From behind one of Edinburgh’s characteristically grey stone buildings comes the indomitable and once volcanic summit of Arthur’s Seat. As if some chunk of another planet had landed here in the heart of a city of world heritage status, the change in terrain is sudden. For all the undoubted beauty of Edinburgh’s old architecture, this lump of wild, unapologetic land is a welcome relief from the rain-drenched busts of cathedrals and church towers. A housing estate has been built on the brink of Holyrood Park, the broad wingspan of a female sparrowhawk appears from a ring of beech, birch and ash woodland marking the way in. A magpie gives chase to the hawk, goldfinch skip across the scene, their merry, glistening calls overheard.

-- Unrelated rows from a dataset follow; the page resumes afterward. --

(* For integers $n\ge1$, $t\ge0$ and $\bm{N}=(t,t,\ldots,t,-nt)\in\mathbb{Z}^{n+1}$, \[ (t+1)^{\binom n2}\;\ge\;K_n(\bm{N})\;\ge\;\prod_{i=1}^{n-1}(it+1). \]
   Context: $K_n(\bm{N})$ is the number of integer vectors $(f_{ij})_{0\le i<j\le n}\in\mathbb{Z}_{\ge0}^{\binom{n+1}{2}}$ with $\sum_{j>i} f_{ij}-\sum_{k<i} f_{ki}=N_i$ for every $i\in\{0,\ldots,n\}$. *)

From mathcomp Require Import all_boot all_order all_algebra.
Set Implicit Arguments. Unset Strict Implicit. Unset Printing Implicit Defensive.
Import Order.TTheory GRing.Theory Num.Theory.

Definition edges (n : nat) := {p : 'I_n.+1 * 'I_n.+1 | (p.1 < p.2)%N}.

Definition flow_vec (n : nat) := {ffun edges n -> nat}.

Definition is_flow (n : nat) (N : 'I_n.+1 -> int) (f : flow_vec n) : bool :=
  [forall i : 'I_n.+1,
     ((\sum_(e : edges n | (sval e).1 == i) (f e)%:Z)
      - (\sum_(e : edges n | (sval e).2 == i) (f e)%:Z))%R == N i].

(* K_n(N) = the number of such vectors: it is the size of any duplicate-free
   list enumerating exactly the solutions. *)
Definition enumerates_flows (n : nat) (N : 'I_n.+1 -> int) (s : seq (flow_vec n)) : Prop :=
  uniq s /\ forall f : flow_vec n, (f \in s) = is_flow N f.

Definition Nvec (n t : nat) : 'I_n.+1 -> int :=
  fun i => if (i < n)%N then (t%:Z)%R else (- (n * t)%:Z)%R.
Arguments Nvec : clear implicits.

(* Build a flow one vertex at a time.  Once the flows into vertices 0, ..., m-1
   are fixed, each vertex k < m still has to send its surplus
   a_k = t + inflow(k) - outflow(k) >= 0 to later vertices; the flows into
   vertex m are then any vector x with x_k <= a_k, and the flows into the sink n
   are forced to be a.  Conservation gives sum_k a_k = m t, so the number
   prod_k (a_k + 1) of choices at vertex m lies between m t + 1 (expand the
   product) and (t + 1)^m (AM-GM).  Multiplying over m < n gives both bounds. *)

From mathcomp Require Import all_boot all_order all_algebra.
From mathcomp Require Import zify.
Set Implicit Arguments. Unset Strict Implicit. Unset Printing Implicit Defensive.
Import Order.TTheory GRing.Theory Num.Theory.

Fixpoint box (r : seq nat) : seq (seq nat) :=
  if r is a :: r' then [seq x :: y | x <- iota 0 a.+1, y <- box r'] else [:: [::]].
(* For every $n\in\mathbb Z$, $R_{1,n}$ is a Laurent polynomial in $R_{1,0},\dots,R_{r,0},R_{1,1},\dots,R_{r,1}$ with nonnegative integer coefficients.
   Context: Fix $r\ge1$, $I_r=\{1,\dots,r\}$. Let $R_{1,0},\dots,R_{r,0},R_{1,1},\dots,R_{r,1}$ be algebraically independent indeterminates over $\mathbb Q$ and $(R_{\alpha,n})_{0\le\alpha\le r+1,n\in\mathbb Z}$ the $A_r$ $Q$-system: the unique family of nonzero elements of $\mathbb Q(R_{1,0},\dots,R_{r,1})$ with these initial values, $R_{0,n}=R_{r+1,n}=1$, and $R_{\alpha,n+1}R_{\alpha,n-1}=R_{\alpha,n}^2+R_{\alpha+1,n}R_{\alpha-1,n}$ ($\alpha\in I_r$, $n\in\mathbb Z$). *)

From HB Require Import structures.
From mathcomp Require Import all_boot all_order all_algebra.
From mathcomp Require Import fraction.
Set Implicit Arguments. Unset Strict Implicit. Unset Printing Implicit Defensive.
Import Order.TTheory GRing.Theory Num.Theory.
Local Open Scope ring_scope.

(* ratfun m = Q(X_0, ..., X_{m-1}), built iteratively as
   Q(X_0,...,X_{m-1}) = Frac(Q(X_0,...,X_{m-2})[X_{m-1}]). *)
Fixpoint ratfun (m : nat) : fieldType :=
  match m with
  | 0 => rat
  | m'.+1 => {fraction {poly ratfun m'}}
  end.

Definition ratfun_up (m : nat) (c : ratfun m) : ratfun m.+1 :=
  tofrac (c%:P).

Crows are skating the zenith of Arthur’s Seat, but not merely one kind. Tens of jackdaws are in flight, some barging one another, competing for spots in the flock. At an opening in the landscape the Firth of Forth appears. Two students are painting the scene onto canvases attached to easels. Their demeanour is one of calm, of contentment in observing and being observed: there are plenty of tourists taking to the steps up to the top, stopping to admire the young artists as they come and go. A young woman is sitting on the grass beside them, her hood drawn over her head. She eats morsels of food from an orange carrier bag.

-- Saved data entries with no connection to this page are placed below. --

(* Let $|T|$ denote the number of internal vertices of a free marked triangulation $(T,v)$ of an $(m+2)$-gon, distributed according to $\tilde\mu_m$. As $m\to\infty$, the law of $m^{-2}|T|$ converges to the Lévy (completely asymmetric stable of index $1/2$) distribution with density \[ \frac{1}{\sqrt{3\pi}}\,x^{-3/2}e^{-1/(3x)},\qquad x>0 . \] Equivalently, the limit has the law of $\tfrac{2}{3}g^{-2}$, where $g$ is a standard Gaussian, and \[ \lim_{m\to\infty}\tilde\mu_m(|T|>tm^2)=\frac{1}{\sqrt{3\pi}}\int_t^\infty x^{-3/2}e^{-1/(3x)}\,dx \] for every $t>0$.
   Context: $\phi_{n,m}=\frac{2^{n+1}(2m+1)!(2m+3n)!}{m!^2 n!(2m+2n+2)!}$ is the number of rooted type II triangulations (multiple edges allowed, no loops) of a disc with $m+2$ boundary vertices and $n$ internal vertices. Let $\alpha=27/2$. The free marked triangulation of an $(m+2)$-gon is the probability measure $\tilde\mu_m$ on pairs $(T,v)$, where $T$ is such a rooted triangulation and $v$ is an internal vertex of $T$, given by $\tilde\mu_m(T,v)=\alpha^{-|T|}/\tilde Z_m$. Here $|T|$ is the number of internal vertices and $\tilde Z_m=\sum_n n\phi_{n,m}\alpha^{-n}$. *)

From Stdlib Require Import Reals.
From Coquelicot Require Import Coquelicot.
Open Scope R_scope.

Definition phi (n m : nat) : R :=
  2 ^ (n + 1) * INR (Factorial.fact (2 * m + 1)) * INR (Factorial.fact (2 * m + 3 * n))
  / (INR (Factorial.fact m) ^ 2 * INR (Factorial.fact n) * INR (Factorial.fact (2 * m + 2 * n + 2))).

Definition alpha : R := 27 / 2.

(* Total mass (before normalisation) of marked triangulations (T,v) with |T| = n:
   n choices of the internal vertex v, each of weight alpha^{-n}. *)
Definition weight (m n : nat) : R := INR n * phi n m * / alpha ^ n.

Definition Ztilde (m : nat) : R := Series (weight m).

Definition tail_prob (m : nat) (t : R) : R :=
  Series (fun n => if Rlt_dec (t * INR m ^ 2) (INR n) then weight m n else 0)
  / Ztilde m.

Definition levy_density (x : R) : R :=
  / sqrt (3 * PI) * Rpower x (- (3 / 2)) * exp (- / (3 * x)).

Carrion crows toe the tarmac and paving looping around the old volcano, a road we ignore in trying to reach Duddingston Loch. Instead we follow a path covered with foliose lichens, erupting in small boulders and swathes of prickly gorse. I forgot how easily the needles pass through denim. It appears to be a trail home to a community of jackdaws and white-tailed bunny rabbits. At our feet are the defiant pink and purple flowers of viper’s bugloss, half wilted. Our path leads to a dead end of gorse and a precipice: Duddingston Loch can be seen clearly from here, a white swan moving on the surface of the water.

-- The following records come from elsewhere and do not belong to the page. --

Lemma size_code j i : size (code j i) + 1 = 2 ^ (j + 2).
Proof.
  revert i; induction j as [|j IH]; intros i; cbn [code].
  - unfold bit_tree; destruct (i mod 2 =? 0); reflexivity.
  - change (S j + 2) with (S (j + 2)); cbn [size]; rewrite Nat.pow_succ_r'; pose proof (IH i); pose proof (IH (i / 2 ^ 2 ^ j)); lia.
Qed.

Lemma depth_code j i : depth (code j i) <= j + 2.
Proof.
  revert i; induction j as [|j IH]; intros i; cbn [code].
  - unfold bit_tree; destruct (i mod 2 =? 0); simpl; lia.
  - cbn [depth]; pose proof (IH i); pose proof (IH (i / 2 ^ 2 ^ j)); lia.
Qed.

Lemma size_iter_b m x : size (iter_b m x) = m + size x.
Proof. induction m; simpl; auto. Qed.

Lemma depth_iter_b m x : depth (iter_b m x) = m + depth x.
Proof. induction m; simpl; auto. Qed.

Lemma size_comb k h b : size (comb k h b) + 1 = 2 ^ h * block_size k.
Proof.
  revert b; induction h as [|h IH]; intros b; cbn [comb].
  - unfold block, block_size; rewrite size_iter_b, Nat.mul_1_l; pose proof (size_code k b); lia.
  - cbn [size]; rewrite Nat.pow_succ_r'; pose proof (IH b); pose proof (IH (b + 2 ^ h)); nia.
Qed.

Lemma depth_comb k h b : depth (comb k h b) <= h + 2 * k + 2.
Proof.
  revert b; induction h as [|h IH]; intros b; cbn [comb].
  - unfold block; rewrite depth_iter_b; pose proof (depth_code k b); lia.
  - cbn [depth]; pose proof (IH b); pose proof (IH (b + 2 ^ h)); lia.
Qed.

Definition log_balanced (s : tree) : Prop := depth s <= 2 * Nat.log2 (size s + 1).

Lemma log_balanced_intro e s :
  depth s <= 2 * e -> 2 ^ e <= size s + 1 -> log_balanced s.
Proof.
  intros Hd He; unfold log_balanced.
  apply Nat.log2_le_pow2 in He; lia.
Qed.

Lemma Forall_subtrees_Tc (P : tree -> Prop) u v :
  P (Tc u v) -> Forall P (subtrees u) -> Forall P (subtrees v) ->
  Forall P (subtrees (Tc u v)).
Proof. intros; constructor; [|apply Forall_app]; auto. Qed.

Lemma log_balanced_code j i : Forall log_balanced (subtrees (code j i)).
Proof.
  revert i; induction j as [|j IH]; intros i.
  - cbn [code]; unfold bit_tree; destruct (i mod 2 =? 0);
      repeat constructor; unfold log_balanced; simpl; lia.
  - cbn [code]; apply Forall_subtrees_Tc; auto.
    change (Tc _ _) with (code (S j) i).
    apply (log_balanced_intro (S j + 2)).
    + pose proof (depth_code (S j) i); lia.
    + rewrite size_code; reflexivity.
Qed.

Lemma log_balanced_block k i : Forall log_balanced (subtrees (block k i)).
Proof.
  assert (Hm : forall m, m <= k -> Forall log_balanced (subtrees (iter_b m (code k i)))).
  { induction m as [|m IH]; intros Hm; [apply log_balanced_code|].
    constructor; [|apply IH; lia].
    change (Tb _) with (iter_b (S m) (code k i)).
    apply (log_balanced_intro (k + 2)).
    - rewrite depth_iter_b; pose proof (depth_code k i); lia.
    - rewrite size_iter_b, <- (size_code k i); lia. }
  apply Hm; lia.
Qed.

Lemma log_balanced_comb k h b : Forall log_balanced (subtrees (comb k h b)).
Proof.
  revert b; induction h as [|h IH]; intros b; [apply log_balanced_block|].
  apply Forall_subtrees_Tc; auto.
  change (Tc _ _) with (comb k (S h) b).
  apply (log_balanced_intro (S h + k + 2)).
  - pose proof (depth_comb k (S h) b); lia.
  - rewrite size_comb, <- Nat.add_assoc, (Nat.pow_add_r 2 (S h)).
    unfold block_size; apply Nat.mul_le_mono_l; lia.
Qed.

Lemma In_subtrees_refl t : In t (subtrees t).
Proof. destruct t; simpl; auto. Qed.

Lemma In_subtrees_trans u t s :
  In s (subtrees t) -> In t (subtrees u) -> In s (subtrees u).
Proof.
  intros Hs; induction u as [| u IH | u1 IH1 u2 IH2]; simpl;
    intros [<- | Ht]; auto.
  rewrite in_app_iff in *; destruct Ht; auto.
Qed.

Lemma dag_size_ge (l : list tree) t :
  NoDup l -> incl l (subtrees t) -> length l <= dag_size t.
Proof.
  intros Hl Hincl; apply NoDup_incl_length; auto.
  intros s Hs; apply nodup_In; auto.
Qed.

Lemma NoDup_list_prod (A B : Type) (l : list A) (l' : list B) :
  NoDup l -> NoDup l' -> NoDup (list_prod l l').
Proof.
  intros Hl Hl'; induction Hl as [| a l Ha Hl IH]; simpl; [constructor|].
  apply NoDup_app; auto.
  - apply NoDup_map_NoDup_ForallPairs; auto.
    intros y y' _ _ E; injection E; auto.
  - intros p Hp Hp'; apply in_map_iff in Hp as (y & <- & _).
    apply in_prod_iff in Hp' as []; contradiction.
Qed.

Definition not_b (x : tree) : Prop := match x with Tb _ => False | _ => True end.

Lemma iter_b_inj m m' x x' :
  not_b x -> not_b x' -> iter_b m x = iter_b m' x' -> m = m' /\ x = x'.
Proof.
  intros Hx Hx'; revert m'; induction m as [|m IH]; intros [|m'] E; simpl in E.
  - auto.
  - subst x; contradiction.
  - subst x'; contradiction.
  - injection E as E; destruct (IH m' E); auto.
Qed.

Lemma code_eq_mod j i i' : code j i = code j i' -> i mod 2 ^ 2 ^ j = i' mod 2 ^ 2 ^ j.
Proof.
  revert i i'; induction j as [|j IH]; intros i i' E; cbn [code] in E.
  - unfold bit_tree in E; simpl (2 ^ 2 ^ 0).
    pose proof (Nat.mod_upper_bound i 2); pose proof (Nat.mod_upper_bound i' 2).
    destruct (i mod 2 =? 0) eqn:E1, (i' mod 2 =? 0) eqn:E2;
      try discriminate; rewrite ?Nat.eqb_eq, ?Nat.eqb_neq in *; lia.
  - injection E as E1 E2; apply IH in E1, E2.
    assert (Hsq : 2 ^ 2 ^ S j = 2 ^ 2 ^ j * 2 ^ 2 ^ j)
      by (rewrite <- Nat.pow_add_r; f_equal; simpl; lia).
    rewrite Hsq, !Nat.Div0.mod_mul_r, E1, E2; reflexivity.
Qed.

Lemma block_in_comb k h b i :
  b <= i < b + 2 ^ h -> In (block k i) (subtrees (comb k h b)).
Proof.
  revert b; induction h as [|h IH]; intros b Hi; cbn [comb].
  - replace i with b by (simpl in Hi; lia); apply In_subtrees_refl.
  - rewrite Nat.pow_succ_r' in Hi; cbn [subtrees]; right; apply in_app_iff.
    destruct (Nat.lt_ge_cases i (b + 2 ^ h)); [left | right]; apply IH; lia.
Qed.

Lemma iter_b_in_subtrees m k x : m <= k -> In (iter_b m x) (subtrees (iter_b k x)).
Proof.
  induction k as [|k IH]; intros Hm.
  - replace m with 0 by lia; apply In_subtrees_refl.
  - destruct (Nat.eq_dec m (S k)) as [-> | Hne]; [apply In_subtrees_refl|].
    simpl; right; apply IH; lia.
Qed.

Lemma dag_size_comb k h :
  1 <= k -> h <= 2 ^ k -> 2 ^ h * (k + 1) <= dag_size (comb k h 0).
Proof.
  intros Hk Hh.
  set (pairs := list_prod (seq 0 (k + 1)) (seq 0 (2 ^ h))).
  set (f := fun p : nat * nat => iter_b (fst p) (code k (snd p))).
  assert (Hlen : length (map f pairs) = 2 ^ h * (k + 1))
    by (unfold pairs; rewrite length_map, length_prod, !length_seq; lia).
  rewrite <- Hlen; apply dag_size_ge.
  - apply NoDup_map_NoDup_ForallPairs; [|apply NoDup_list_prod; apply seq_NoDup].
    intros [m i] [m' i'] Hp Hp' E; apply in_prod_iff in Hp as [Hm Hi], Hp' as [Hm' Hi'].
    apply in_seq in Hm, Hi, Hm', Hi'; unfold f in E; simpl in E.
    (* for k >= 1 the root of [code k _] is a c-node, so the chain length is determined *)
    destruct k as [|k]; [lia|].
    apply iter_b_inj in E as [-> E]; [|exact I|exact I].
    apply code_eq_mod in E.
    assert (2 ^ h <= 2 ^ 2 ^ S k) by (apply Nat.pow_le_mono_r; lia).
    rewrite !Nat.mod_small in E by lia; subst; reflexivity.
  - intros s Hs; apply in_map_iff in Hs as ([m i] & <- & Hp).
    apply in_prod_iff in Hp as [Hm Hi]; apply in_seq in Hm, Hi.
    apply (In_subtrees_trans _ (block k i)).
    + apply (iter_b_in_subtrees m k (code k i)); lia.
    + apply block_in_comb; lia.
Qed.

Definition level (n : nat) : nat := Nat.log2_up (Nat.log2 n).

Definition height (n : nat) : nat := Nat.log2 (n / block_size (level n)).

Definition witness (n : nat) : tree := comb (level n) (height n) 0.

Lemma pow2_ge_10_mul l : 6 <= l -> 10 * l <= 2 ^ l.
Proof.
  induction l as [|l IH]; intros Hl; [lia|].
  destruct (Nat.eq_dec l 5) as [-> | Hne]; [simpl; lia|].
  rewrite Nat.pow_succ_r'; specialize (IH ltac:(lia)); lia.
Qed.

Lemma block_size_log2_up_le l : 2 <= l -> block_size (Nat.log2_up l) <= 10 * l.
Proof.
  intros Hl; unfold block_size.
  destruct (Nat.log2_up_spec l ltac:(lia)) as [Hlo _].
  assert (Hk : 0 < Nat.log2_up l) by (apply Nat.log2_up_lt_pow2; simpl; lia).
  destruct (Nat.log2_up l) as [|k]; [lia|]; simpl in Hlo.
  pose proof (Nat.pow_gt_lin_r 2 (S k) ltac:(lia)).
  rewrite Nat.pow_add_r, Nat.pow_succ_r' in *; simpl (2 ^ 2); lia.
Qed.

Lemma two_le_log2 n : 4 <= n -> 2 <= Nat.log2 n.
Proof. intros Hn; apply (Nat.log2_le_pow2 n 2); simpl; lia. Qed.

Lemma level_pos n : 4 <= n -> 1 <= level n.
Proof.
  intros Hn; pose proof (two_le_log2 n Hn).
  apply Nat.log2_up_lt_pow2; simpl; lia.
Qed.

Lemma log2_le_pow2_level n : 4 <= n -> Nat.log2 n <= 2 ^ level n.
Proof.
  intros Hn; pose proof (two_le_log2 n Hn).
  apply Nat.log2_log2_up_spec; lia.
Qed.

Lemma block_size_pos k : 0 < block_size k.
Proof. unfold block_size; pose proof (Nat.pow_nonzero 2 (k + 2)); lia. Qed.

Lemma height_le_log2 n : height n <= Nat.log2 n.
Proof.
  apply Nat.log2_le_mono, Nat.Div0.div_le_upper_bound.
  pose proof (block_size_pos (level n)); nia.
Qed.

Lemma height_spec n : 64 <= n ->
  let B := block_size (level n) in
  2 ^ height n * B <= n < 2 * 2 ^ height n * B.
Proof.
  intros Hn B.
  assert (HB : 0 < B <= n).
  { split; [apply block_size_pos|].
    assert (6 <= Nat.log2 n) by (apply (Nat.log2_le_pow2 n 6); simpl; lia).
    pose proof (block_size_log2_up_le (Nat.log2 n) ltac:(lia)).
    pose proof (pow2_ge_10_mul (Nat.log2 n) ltac:(lia)).
    pose proof (Nat.log2_spec n ltac:(lia)); unfold B, level; lia. }
  destruct (Nat.log2_spec (n / B)) as [Hlo Hhi]; [apply Nat.div_str_pos; lia|].
  change (Nat.log2 (n / B)) with (height n) in Hlo, Hhi; rewrite Nat.pow_succ_r' in Hhi.
  pose proof (Nat.Div0.mul_div_le n B); pose proof (Nat.mul_succ_div_gt n B ltac:(lia)).
  split; nia.
Qed.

We turn back, trying not to tread into burrows, slipping on the greasy moss and grass. A flock of jackdaws float overhead. We stop to view the city, the Pentland Hills to the south, a ski slope visible like a mistake. Below us there’s Prestonfield golf course, a solitary golfer dragging his gear across a line of ornamental cherry trees swept to the west by years of pressure from air rushing across from the coast. From the crags of Arthur’s Seat comes the guttural kronk of a raven, scattering the jackdaws like leaves, with one feisty ‘daw attempting to lead a mob in revolt. We return back along the road and encounter the dispute once more, the raven sheltering in the dim fissures of rock, almost invisible, but for its rupturing calls, its black, glossy beard exploding as it calls out. Soon enough another raven arrives and the retired beast takes to the air, its digital wingtips and diamond shaped tail reaching out into the chill wind.